Cuando la canasta básica alimentaria sufrió una variación mensual del 5,18 por ciento el valor de los alimentos comienzan a ocupar un lugar central, al respecto señala Pellegrini “El alimento no puede ser mercancía a venderse y estar sujeto al libre mercado, el alimento tiene que responder a las necesidades que tenemos como pueblo. Cuando nos preguntamos qué comemos, qué hay detrás de lo que comemos, cómo se produce ese alimento, cómo vivimos aquellos que producimos ese alimento, cómo los consumidores y consumidoras accedemos a él, pensamos en su distribución en donde está localizado, a qué proyecto estamos aportando es pensar en términos de soberanía alimentaria.” Y agrega, “en la soberanía alimentaria las mujeres tenemos un rol muy importante, porque si hablamos de alimentación, hace muchos años que peyorativamente nos mandan a la cocina. Las mujeres, en nuestros territorios saqueados y empobrecidos por estos modelos de mercantilización de la tierra y de los bienes comunes, venimos sosteniendo la supervivencia día a día de las familias más empobrecidas. Quien mágicamente recrea un alimento que pueda ser comido, que pueda alimentar a nuestros hijos e hijas somos las mujeres, las que entendemos que para resolver el problema del hambre no tenemos que sentarnos a negociar con Syngenta, con Dreyfus, con Cargill, o con los que eternamente lucraron con la pobreza. Debemos entender que una política alimentaria tiene que estar en función de nutrir nuestros cuerpos, el derecho a comer bien, sano, rico y que ese derecho esté en función de las mayorías. Siempre decimos que nos llama la atención que cuando se construyen esas mesas para resolver la Argentina contra el hambre o las políticas alimentarias o el precio de los alimentos, terminan sentándose con hombres, empresarios que en realidad no tienen nada que ver con la producción de alimentos, sino que son los mueven alimentos a un hipermercado o a una distribuidora, y que poco les importa cómo se nutre. Hay que trabajar una política alimentaria que sea soberana, que sea decidida por nosotros como pueblo y que tenga esa perspectiva de las mujeres de cuidado.

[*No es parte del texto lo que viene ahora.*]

(* Let $m,d_1,d_2$ be positive integers, $\bm{B}\in\mathbb{C}^{m\times d_1}$, $\bm{A}\in\mathbb{C}^{m\times d_2}$ and $\bm{y}\in\mathbb{C}^m$. For $j=1,\dots,m$ let $\bm{b}_j\in\mathbb{C}^{d_1}$ and $\bm{a}_j\in\mathbb{C}^{d_2}$ be the $j$-th columns of $\bm{B}^{\mathsf H}$ and $\bm{A}^{\mathsf H}$ respectively. Define $F_1:\mathbb{R}^{d_1}\times\mathbb{R}^{d_2}\to\mathbb{R}$ by $$F_1(\bm{h},\bm{x})=\frac14\|\bm{Bh}\|_4^4+\frac14\|\bm{Ax}\|_4^4+\frac12\Big(\|\bm{Bh}\odot\bm{Ax}\|_2^2+\|\bm{y}\odot\bm{Bh}\|_2^2+\|\bm{Ax}\|_2^2+\|\bm{y}\|_2^2\Big),$$ and $H:\mathbb{R}^{d_1}\times\mathbb{R}^{d_2}\to\mathbb{R}$ by $$H(\bm{h},\bm{x})=\frac14\big(\|\bm{h}\|_2^2+\|\bm{x}\|_2^2\big)^2+\frac12\big(\|\bm{h}\|_2^2+\|\bm{x}\|_2^2\big).$$ Then for every real $L$ satisfying $$L\ \ge\ \sum_{j=1}^m\Big(3\|\bm{b}_j\|_2^4+3\|\bm{a}_j\|_2^4+\|\bm{b}_j\|_2^2\|\bm{a}_j\|_2^2+|y_j|^2\|\bm{b}_j\|_2^2+\|\bm{a}_j\|_2^2\Big),$$ the function $LH-F_1$ is convex on $\mathbb{R}^{d_1+d_2}$.
   Context: $\odot$ denotes the elementwise (Hadamard) product of vectors in $\mathbb{C}^m$; for $\bm{w}\in\mathbb{C}^m$, $\|\bm{w}\|_2^2=\sum_j|w_j|^2$ and $\|\bm{w}\|_4^4=\sum_j|w_j|^4$. $\bm{B}^{\mathsf H}$ is the conjugate transpose, so $(\bm{Bh})_j=\bm{b}_j^{\mathsf H}\bm{h}$ and $(\bm{Ax})_j=\bm{a}_j^{\mathsf H}\bm{x}$. The variables $\bm{h},\bm{x}$ are real vectors, and $(\bm{h},\bm{x})$ is identified with a vector of $\mathbb{R}^{d_1+d_2}$. *)

From HB Require Import structures.
From mathcomp Require Import all_boot all_order all_algebra.
From mathcomp Require Import complex.
Set Implicit Arguments. Unset Strict Implicit. Unset Printing Implicit Defensive.
Import Order.TTheory GRing.Theory Num.Theory.
Local Open Scope ring_scope.
Local Open Scope complex_scope.

Definition abs2 (R : rcfType) (z : R[i]) : R := (complex.Re z) ^+ 2 + (complex.Im z) ^+ 2.

Definition embed (R : rcfType) n (h : 'cV[R]_n) : 'cV[R[i]]_n :=
  map_mx (fun r => r%:C) h.

Definition cnorm2 (R : rcfType) n (w : 'cV[R[i]]_n) : R :=
  \sum_(j < n) abs2 (w j 0).
Definition cnorm4 (R : rcfType) n (w : 'cV[R[i]]_n) : R :=
  \sum_(j < n) (abs2 (w j 0)) ^+ 2.

Definition hadamard (R : rcfType) n (u v : 'cV[R[i]]_n) : 'cV[R[i]]_n :=
  \col_j (u j 0 * v j 0).

Definition rnorm2 (R : rcfType) n (h : 'cV[R]_n) : R := \sum_(j < n) (h j 0) ^+ 2.

Definition adjoint (R : rcfType) m n (B : 'M[R[i]]_(m, n)) : 'M[R[i]]_(n, m) :=
  (map_mx (@conjc R) B)^T.

Definition F1 (R : rcfType) m d1 d2 (B : 'M[R[i]]_(m, d1)) (A : 'M[R[i]]_(m, d2))
  (y : 'cV[R[i]]_m) (h : 'cV[R]_d1) (x : 'cV[R]_d2) : R :=
  let Bh := B *m embed h in
  let Ax := A *m embed x in
  4^-1 * cnorm4 Bh + 4^-1 * cnorm4 Ax
  + 2^-1 * (cnorm2 (hadamard Bh Ax) + cnorm2 (hadamard y Bh) + cnorm2 Ax + cnorm2 y).
Lemma sym_curve_poly_d11 s : (sym_curve_poly^`M(i1)^`M(i1)).@[pt2 s] = 12 * s.1 + 2 * s.2 - 2.
Proof. by eval_sym_curve_poly; ring. Qed.

Lemma sym_curve_poly_d12 s : (sym_curve_poly^`M(i1)^`M(i2)).@[pt2 s] = 2 * s.1 - 8.
Proof. by eval_sym_curve_poly; ring. Qed.

Lemma sym_curve_poly_d22 s : (sym_curve_poly^`M(i2)^`M(i2)).@[pt2 s] = -8.
Proof. by eval_sym_curve_poly; ring. Qed.

Definition u1 : 'X_{1..2} := U_(i1)%MM.
Definition u2 : 'X_{1..2} := U_(i2)%MM.

Lemma sym_curve_poly_coef m : sym_curve_poly@_m =
  2 * ((u1 + u1 + u1)%MM == m)%:R + ((u1 + u1 + u2)%MM == m)%:R - ((u1 + u1)%MM == m)%:R
  - 8 * ((u1 + u2)%MM == m)%:R - 4 * ((u2 + u2)%MM == m)%:R + 12 * (u1 == m)%:R
  + 12 * (u2 == m)%:R - 36 * (m == 0%MM)%:R.
Proof.
have -> : sym_curve_poly = 2 *: 'X_[(u1 + u1 + u1)%MM] + 'X_[(u1 + u1 + u2)%MM]
    - 'X_[(u1 + u1)%MM] - 8 *: 'X_[(u1 + u2)%MM] - 4 *: 'X_[(u2 + u2)%MM]
    + 12 *: 'X_[u1] + 12 *: 'X_[u2] - 36%:MP.
  by rewrite !mpolyXD -!mul_mpolyC /sym_curve_poly /u1 /u2; ring.
by rewrite !(mcoeffD, mcoeffB, mcoeffN, mcoeffZ, mcoeffX, mcoeffC).
Qed.

Lemma mdeg_u1 : mdeg u1 = 1%N. Proof. exact: mdeg1. Qed.
Lemma mdeg_u2 : mdeg u2 = 1%N. Proof. exact: mdeg1. Qed.

Lemma msize_sym_curve_poly : msize sym_curve_poly = 4%N.
Proof.
apply/eqP; rewrite eqn_leq; apply/andP; split.
  rewrite msizeE; apply/bigmax_leqP_seq => m supp_m _; rewrite ltnNge; apply/negP => deg_m.
  move: supp_m; rewrite mcoeff_msupp sym_curve_poly_coef.
  have -> : (m == 0%MM) = false by rewrite eq_sym mdeg_lt_neq ?mdeg0 // (@leq_trans 4).
  rewrite !mdeg_lt_neq; try by rewrite ?(mdegD, mdeg_u1, mdeg_u2); apply: leq_trans deg_m.
  by move/eqP; apply; rewrite /=; ring.
have supp3 : (u1 + u1 + u1)%MM \in msupp sym_curve_poly.
  rewrite mcoeff_msupp sym_curve_poly_coef eqxx.
  have -> : (u1 + u1 + u2 == u1 + u1 + u1)%MM = false.
    apply/negbTE/eqP => /(congr1 (fun m : 'X_{1..2} => m i2)).
    by rewrite !mnmDE /u1 /u2 !mnm1E.
  have -> : (u1 + u1 + u1 == 0)%MM = false.
    by rewrite eq_sym mdeg_lt_neq ?(mdegD, mdeg_u1, mdeg0).
  rewrite !mdeg_lt_neq ?(mdegD, mdeg_u1, mdeg_u2) //.
  by rewrite !mulr0 !subr0 !addr0 mulr1 pnatr_eq0.
by have := msize_mdeg_lt supp3; rewrite !mdegD mdeg_u1.
Qed.

Lemma sym_curve_no_line m d : ~ (forall t, sym_curve (t : C) (m * t + d) = 0).
Proof.
move=> H.
have e6 : 6%:R * (2 + m) = 0.
  transitivity (sym_curve 3 (m * 3 + d) - 3 * sym_curve 2 (m * 2 + d)
                + 3 * sym_curve 1 (m * 1 + d) - sym_curve 0 (m * 0 + d)).
    by rewrite /sym_curve; ring.
  by rewrite !H; ring.
have {e6} m2 : m = -2 by apply: subr0_eq; rewrite -[RHS](natmul_eq0 e6 isT); ring.
subst m.
have e2 : 2%:R * (d - 1) = 0.
  transitivity (sym_curve 2 (-2 * 2 + d) - 2 * sym_curve 1 (-2 * 1 + d)
                + sym_curve 0 (-2 * 0 + d)).
    by rewrite /sym_curve; ring.
  by rewrite !H; ring.
have {e2} d1 : d = 1 by apply: subr0_eq; exact: natmul_eq0 e2 isT.
subst d.
have e28 : 28%:R * (1 : C) = 0.
  by transitivity (- sym_curve (0 : C) (-2 * 0 + 1)); [rewrite /sym_curve; ring | rewrite H oppr0].
by move/eqP: (natmul_eq0 e28 isT); rewrite oner_eq0.
Qed.
(* Let $d\ge2$, $q\ge1$, $p>\widehat p_c$ and $p\notin\mathcal U(q)$, and let $\Phi$ be the infinite-volume FK measure with parameters $p,q$. Let $w_1>0$ be such that $\lim_{n\to\infty}n^{-(d-1)/d}\ln\Phi(n\le|C(0)|<\infty)=-w_1$. Then for every $x\in\mathbb{Z}^d$, $$\lim_{n\to\infty}\frac1{n^{(d-1)/d}}\ln p_x=-w_1,$$ where $p_x=\Phi(x\text{ is the mass center of an } n\text{-large cluster})$.
   Context: FK model: $\Phi$ is the common infinite-volume limit (existing for $p\notin\mathcal U(q)$, an at most countable set) of the finite-volume measures $\Phi^{\pi,p,q}_\Lambda(\omega)\propto\prod_e p^{\omega(e)}(1-p)^{1-\omega(e)}q^{\mathrm{cl}_\pi(\omega)}$ on nearest-neighbour bonds of $\mathbb{Z}^d$; it is translation invariant. $\widehat p_c$ is, for $d=2$, the critical point for exponential decay of dual connectivities and, for $d\ge3$, the limit of the critical points for percolation in slabs. It is a known result (cited) that for such $p,q$ the limit $\lim_n n^{-(d-1)/d}\ln\Phi(n\le|C(0)|<\infty)$ exists and equals $-w_1$ for some $w_1>0$. $C(0)$ is the open cluster of the origin. Mass center of finite $C$: $M_C=\lfloor\frac1{|C|}\sum_{y\in C}y\rfloor$ (coordinatewise integer parts); an $n$-large cluster is a finite cluster with $|C|\ge n$. *)

From HB Require Import structures.
From mathcomp Require Import all_boot all_order all_algebra.
From mathcomp Require Import finmap.
From mathcomp Require Import all_classical all_reals all_analysis.
Set Implicit Arguments. Unset Strict Implicit. Unset Printing Implicit Defensive.
Import Order.TTheory GRing.Theory Num.Theory.
Import numFieldNormedType.Exports.
Local Open Scope classical_set_scope.
Local Open Scope ring_scope.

El alimento no es para hacer negocios, ese alimento es para alimentar.”
Hay salidas, hay formas de cambiar el modelo productivo nacional, hay posibilidades de realizar una reforma agraria y de caminar hacia la soberanía alimentaria, pero nada podrá hacerse si un posicionamiento feminista, sin una perspectiva de género que pueda romper de una vez y para siempre con la lógica patriarcal y con un sistema de explotación.